Access token requirements
The access token will be processed only by the party that issued the access token. Therefore, the form and contents of the token are determined by the authorization server (audience), so the access token is opaque to the resource client. The resource client should not take any dependency on the format or contents of an access token. The authorization server MAY issue certificate bound access tokens as specified in https://www.rfc-editor.org/rfc/rfc8705 , but this is not mandatory. To enable the server to issue certificate bound access tokens, the client MUST support mTLS for access token and resource requests as specified in section Network level security: mTLS 1.3.
Authorization base
When the Sending System receives a request from the Receiving System to access certain data, it is the primary responsibility of the Sending System to verify that the Receiving System is authorized to access that data. When publishing data on a resource server to be collected by the Receiving System, many Sending Systems register the authorization to access that data as an authorization base of some kind. To facilitate that authorization process, the Sending System may submit the authorization base (or a reference to it) to the Receiving System as part of the Notification (see section Notification message).
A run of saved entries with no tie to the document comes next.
(* In a complete graph with $n$ nodes (with arbitrary thresholds $t_I,t_E$ and budget $\beta$), the MES problem can be solved in $O(n)$ time.
   Context: Let $G=(V,E)$ be a graph, $N(v)$ the neighborhood of $v$, $d(v)=|N(v)|$, and $t_I,t_E:V\to\{0,1,2,\dots\}$ thresholds with $0\le t_I(v)\le t_E(v)\le d(v)+1$. For $S\subseteq V$: $\mathsf{Evg}[S,0]=\mathsf{Inf}[S,0]=S$, and for $\tau\ge1$, $\mathsf{Evg}[S,\tau]=\mathsf{Evg}[S,\tau-1]\cup\{u:|N(u)\cap\mathsf{Evg}[S,\tau-1]|\ge t_E(u)\}$, $\mathsf{Inf}[S,\tau]=\mathsf{Inf}[S,\tau-1]\cup\{u:|N(u)\cap\mathsf{Evg}[S,\tau-1]|\ge t_I(u)\}$; at the first $\rho$ with $\mathsf{Evg}[S,\rho]=\mathsf{Evg}[S,\rho-1]$ set $\mathsf{Inf}[S]=\mathsf{Inf}[S,\rho]$. The MES problem: given $G$, $t_I$, $t_E$ and budget $\beta$, find $S\subseteq V$ with $|S|\le\beta$ maximizing $|\mathsf{Inf}[S]|$. *)

From mathcomp Require Import all_boot.
Set Implicit Arguments. Unset Strict Implicit. Unset Printing Implicit Defensive.

Section Dynamics.
Variables (T : finType) (adj : rel T) (tI tE : T -> nat).

Definition nbhd (v : T) : {set T} := [set u | adj v u].

Fixpoint Evg (S : {set T}) (tau : nat) : {set T} :=
  match tau with
  | 0 => S
  | tau'.+1 => Evg S tau' :|: [set u | tE u <= #|nbhd u :&: Evg S tau'|]
  end.

Fixpoint Inf (S : {set T}) (tau : nat) : {set T} :=
  match tau with
  | 0 => S
  | tau'.+1 => Inf S tau' :|: [set u | tI u <= #|nbhd u :&: Evg S tau'|]
  end.

(* rho = the first rho >= 1 with Evg[S,rho] = Evg[S,rho-1]
   (such a rho always exists with rho - 1 <= #|T|, the Evg chain being
   increasing in a finite type). *)
Definition rho (S : {set T}) : nat :=
  (find (fun r => Evg S r.+1 == Evg S r) (iota 0 #|T|.+1)).+1.

Definition InfFinal (S : {set T}) : {set T} := Inf S (rho S).

Definition MES_optimal (beta : nat) (S : {set T}) : Prop :=
  #|S| <= beta /\
  forall S' : {set T}, #|S'| <= beta -> #|InfFinal S'| <= #|InfFinal S|.

End Dynamics.

Definition Kn_adj (n : nat) : rel 'I_n := fun u v => u != v.
Arguments Kn_adj n u v : clear implicits.

Definition valid_thresholds (T : finType) (adj : rel T) (tI tE : T -> nat) :=
  forall v : T, tI v <= tE v /\ tE v <= #|nbhd adj v| + 1.

(* Unit-cost RAM (registers indexed by nat, holding nats)              *)
Inductive instr : Type :=
| IConst of nat & nat          (* IConst r k   : M[r] := k                 *)
| IAdd of nat & nat & nat      (* IAdd r a b   : M[r] := M[a] + M[b]       *)
| ISub of nat & nat & nat      (* ISub r a b   : M[r] := M[a] - M[b] (trunc)*)
| ILoad of nat & nat           (* ILoad r a    : M[r] := M[M[a]]           *)
| IStore of nat & nat          (* IStore a r   : M[M[a]] := M[r]           *)
| IJz of nat & nat             (* IJz r l      : if M[r] = 0 goto l        *)
| IJmp of nat                  (* IJmp l       : goto l                    *)
| IHalt.

Definition mem := nat -> nat.
Definition config := (nat * mem)%type.

Definition upd (m : mem) (r v : nat) : mem := fun x => if x == r then v else m x.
If the Receiving System received an authorization base in the Notification, it must include that authorization base in the access token request to the Sending System (see section Authorization grant). This enables the authorization server of the Sending System to determine if the requested access can be granted based on the provided authorization base.
Since an authorization base is to be processed by the Sending System only, the form and contents of an authorization base are determined by the Sending System. The Receiving System should not take any dependency on the format or contents of an authorization base.
User authentication
Healthcare professionals are identified in their EHR system by logging in with their personal account. When a user of the Receiving System wants to request resources at the Sending System, the Sending System must be able to identify the user at the Receiving System as a legitimate healthcare professional who is working for the receiving organization before it can provide the requested data. Therefore, the Receiving System must implement the appropriate means to ensure the authenticity of the user.
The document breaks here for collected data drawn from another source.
(* Let $Q$ be the quiver with one vertex and $2e$ loops, $e\ge1$, and let $d\geq 1$, $v\in\mathbb{Z}$. Then $S^d_v$ consists of the partitions $d=d_1+\dots+d_k$ such that for all $1\le i\le k$ $$\tfrac12 d_i\Big(\sum_{j<i}d_j-\sum_{j>i}d_j\Big)+\frac{vd_i}{d}\in\mathbb{Z}.$$ Moreover, $S^d_v=\{d\}$ if and only if either $\gcd(d,v)=1$ and $d\not\equiv2\pmod 4$, or $\gcd(d,v)=2$ and $d\equiv2\pmod4$.
   Context: Here $R(d)=\mathfrak{gl}(d)^{\oplus 2e}$ with $G(d)=GL(d)$ acting by conjugation, $\mathfrak{g}(d)=\mathfrak{gl}(d)$, diagonal torus with weights $\beta_1,\dots,\beta_d$, $\tau_d=\frac1d\sum_a\beta_a$. For a cocharacter $\lambda$, $n_\lambda=\langle\lambda,\det(R(d)^\vee)^{\lambda>0}\rangle-\langle\lambda,\det(\mathfrak{g}(d)^\vee)^{\lambda>0}\rangle$ ($V^{\lambda>0}$: span of weights pairing positively with $\lambda$). A cocharacter has associated partition $(d_j)_j$ if its $j$-th distinct weight on $\beta_1,\dots,\beta_d$ occurs $d_j$ times. $S^d_v$ is the set of partitions of $d$ such that $n_\lambda/2+\langle\lambda,v\tau_d\rangle\in\mathbb{Z}$ for every cocharacter $\lambda$ with that associated partition; $\{d\}$ denotes the one-term partition. *)

From mathcomp Require Import all_boot all_order all_algebra.
Unset Printing Implicit Defensive.
Import Order.TTheory GRing.Theory Num.Theory.
Local Open Scope ring_scope.

(* Quiver with one vertex and 2e loops, dimension d.
   A cocharacter of the diagonal torus of GL(d) is lam : 'I_d -> int;
   it pairs with the weight beta_a - beta_b as lam a - lam b. *)

(* < lam, det(R(d)^vee)^{lam>0} > : R(d) = gl(d)^{2e} has weights beta_a - beta_b,
   one copy for each (k, a, b) with k < 2e; R(d)^vee has weights beta_b - beta_a. *)
Definition pair_detR (e d : nat) (lam : 'I_d -> int) : int :=
  \sum_(k < (2 * e)%N) \sum_(a < d) \sum_(b < d)
     (if 0 < lam b - lam a then lam b - lam a else 0).

(* < lam, det(g(d)^vee)^{lam>0} >, g(d) = gl(d). *)
Definition pair_detg (d : nat) (lam : 'I_d -> int) : int :=
  \sum_(a < d) \sum_(b < d) (if 0 < lam b - lam a then lam b - lam a else 0).

Definition n_lam (e d : nat) (lam : 'I_d -> int) : int :=
  pair_detR e d lam - pair_detg d lam.

(* < lam, v tau_d >, tau_d = (1/d) sum_a beta_a *)
Definition pair_vtau (d : nat) (v : int) (lam : 'I_d -> int) : rat :=
  (v%:~R / d%:R) * (\sum_(a < d) lam a)%:~R.

Definition assoc_part (d : nat) (lam : 'I_d -> int) : seq nat :=
  let l := [seq lam i | i <- enum 'I_d] in
  [seq count_mem x l | x <- sort (fun x y : int => y <= x) (undup l)].

Definition is_part (d : nat) (s : seq nat) : Prop :=
  all (fun x => 0 < x)%N s /\ sumn s = d.

Definition in_S (e d : nat) (v : int) (s : seq nat) : Prop :=
  is_part d s /\
  forall lam : 'I_d -> int, assoc_part d lam = s ->
    ((n_lam e d lam)%:~R / 2 + pair_vtau d v lam : rat) \is a Num.int.

From mathcomp Require Import all_boot all_order all_algebra.
From mathcomp Require Import zify ring.
Import Order.TTheory GRing.Theory Num.Theory.
Local Open Scope ring_scope.

(* Write a cocharacter lam through its distinct values u_1 > ... > u_k, taken
   with multiplicities s_1, ..., s_k (the associated partition).  Both pairings
   are linear in u, and n_lam/2 + <lam, v tau_d> = e * <lam, det(g(d)^vee)^{lam>0}>
   + sum_i u_i T_i, where T_i is the expression of the statement.  Hence integral
   T_i give integrality for every lam, and conversely comparing two cocharacters
   whose values differ by 1 on the i-th block only isolates T_i.
   The partition [d] always lies in S^d_v since T_1 = v.  A partition with at
   least two parts has T_1 = v a/d - a b/2, with a its first part and b the sum
   of the others, so it forces 2d | 2va - abd with a, b > 0; for two parts this is
   also sufficient, as T_1 + T_2 = v.  An elementary gcd and parity analysis shows
   that such a, b exist exactly when the stated condition fails. *)

Definition posdiff (x y : int) : int := if 0 < y - x then y - x else 0.

Lemma sumn_take_ord (s : seq nat) (i : nat) :
  sumn (take i s) = (\sum_(j < size s | (j < i)%N) nth 0 s j)%N.
Proof.
elim: s i => [|x s IH] [|i] /=; rewrite ?big_ord0 // big_mkcond big_ord_recl /=.
  by rewrite big1.
by rewrite IH big_mkcond.
Qed.

Lemma sumn_drop_ord (s : seq nat) (i : nat) :
  sumn (drop i s) = (\sum_(j < size s | (i <= j)%N) nth 0 s j)%N.
Proof.
apply: (@addnI (sumn (take i s))).
rewrite -sumn_cat cat_take_drop sumnE (big_nth 0) big_mkord.
rewrite (bigID (fun j : 'I__ => (j < i)%N)) sumn_take_ord /=.
by congr (_ + _); apply: eq_bigl => j; rewrite -leqNgt.
Qed.

Lemma sum_posdiff_sorted (u : seq int) (s : seq nat) :
  sorted (fun x y => y < x) u -> size u = size s ->
  \sum_(i < size s) (\sum_(j < size s) posdiff u`_i u`_j *+ nth 0%N s j) *+ nth 0%N s i
  = \sum_(i < size s) u`_i * (nth 0%N s i)%:R *
      ((sumn (drop i.+1 s))%:R - (sumn (take i s))%:R).
Proof.
move=> u_gt size_u; set k := size s.
pose c (i j : 'I_k) : int := u`_i * (nth 0%N s i)%:R * (nth 0%N s j)%:R.
have posdiffE (i j : 'I_k) : posdiff u`_i u`_j = if (j < i)%N then u`_j - u`_i else 0.
  have u_lt (a b : 'I_k) : (a < b)%N -> u`_b < u`_a.
    have gt_trans : transitive (fun x y : int => y < x).
      by move=> ? ? ? h1 h2; exact: lt_trans h2 h1.
    by apply: (sorted_ltn_nth gt_trans 0 u_gt); rewrite inE size_u.
  rewrite /posdiff subr_gt0.
  by case: (ltngtP i j) => [/u_lt/lt_gtF -> | /u_lt -> | /val_inj ->]; rewrite ?ltxx.
transitivity (\sum_(i < k) \sum_(j < k | (j < i)%N) (c j i - c i j)).
  apply: eq_bigr => i _; rewrite -mulr_natr mulr_suml [RHS]big_mkcond; apply: eq_bigr => j _.
  by rewrite posdiffE; case: ifP => _; rewrite ?mul0rn ?mul0r // /c -mulr_natr; ring.
under eq_bigr => i _ do rewrite sumrB.
under [RHS]eq_bigr do rewrite sumn_drop_ord sumn_take_ord !natr_sum mulrBr !mulr_sumr.
rewrite !sumrB; congr (_ - _).
by rewrite (exchange_big_dep xpredT).
Qed.

Section Fibers.
Context {d : nat} (lam : 'I_d -> int).

Definition cochar_values : seq int := [seq lam a | a <- enum 'I_d].

Definition distinct_values : seq int :=
  sort (fun x y : int => y <= x) (undup cochar_values).

Lemma assoc_partE :
  assoc_part d lam = [seq count_mem x cochar_values | x <- distinct_values].
Proof. by []. Qed.

Lemma size_assoc_part : size (assoc_part d lam) = size distinct_values.
Proof. exact: size_map. Qed.

Lemma distinct_values_gt_sorted : sorted (fun x y => y < x) distinct_values.
Proof. by have := @sort_lt_sorted _ int^d (undup cochar_values); rewrite undup_uniq. Qed.

Lemma sum_fibers (V : nmodType) (F : int -> V) :
  \sum_(a < d) F (lam a)
  = \sum_(i < size (assoc_part d lam)) F distinct_values`_i *+ nth 0%N (assoc_part d lam) i.
Proof.
have -> : \sum_(a < d) F (lam a) = \sum_(x <- cochar_values) F x.
  by rewrite big_map big_enum.
rewrite -big_undup_iterop_count (perm_big distinct_values); last first.
  by rewrite perm_sym perm_sort.
rewrite (big_nth 0) big_mkord size_assoc_part; apply: eq_bigr => i _.
by rewrite assoc_partE (nth_map 0).
Qed.

End Fibers.

Definition shifted_weight (e d : nat) (v : int) (lam : 'I_d -> int) : rat :=
  (n_lam e d lam)%:~R / 2 + pair_vtau d v lam.

Definition block_weight (d : nat) (v : int) (s : seq nat) (i : nat) : rat :=
  (1 / 2 : rat) * (nth 0%N s i)%:R * ((sumn (take i s))%:R - (sumn (drop i.+1 s))%:R)
  + v%:~R * (nth 0%N s i)%:R / d%:R.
The Sending System can identify the healthcare professional at the receiving organization that is requesting patient data by the following claims in the authorization assertion of the access token request (see Authorization grant):
sub: Identifier of the healthcare organization
user_id: Identifier of the responsible user (healthcare professional)
user_role: Code of the role of the responsible user (healthcare professional)
The type of identifiers used for organizations and users is beyond the scope of this TA. The same applies to the use of role codes.
Trust relationships
The picture below shows the different roles involved in the interactions, and clarifies the dependencies between these roles.
The Sending System hereby performs the following roles:
Notification Client;
Resource Server Endpoint.
The Receiving System performs the roles:
Notification Server Endpoint;
Resource Client.
Sending System and Receiving System both implement the role of Authorization Server.
The role of Assertion Issuer can be performed by a third-party, but can also be performed by the Sending System or by the Receiving System. Assertion Issuers producing client assertions do not necessarily have to produce authorization assertions as well. Different Issuers can be used for these types of assertions. Before issuing an client assertion or an authorization assertion, the Assertion Issuer has to make sure that applicable requirements regarding user authentication and other mutual security agreements between the Sending System and Receiver System have been met.
Trust and required level of user authentication between parties has to be arranged and agreed upon prior to performing the interaction.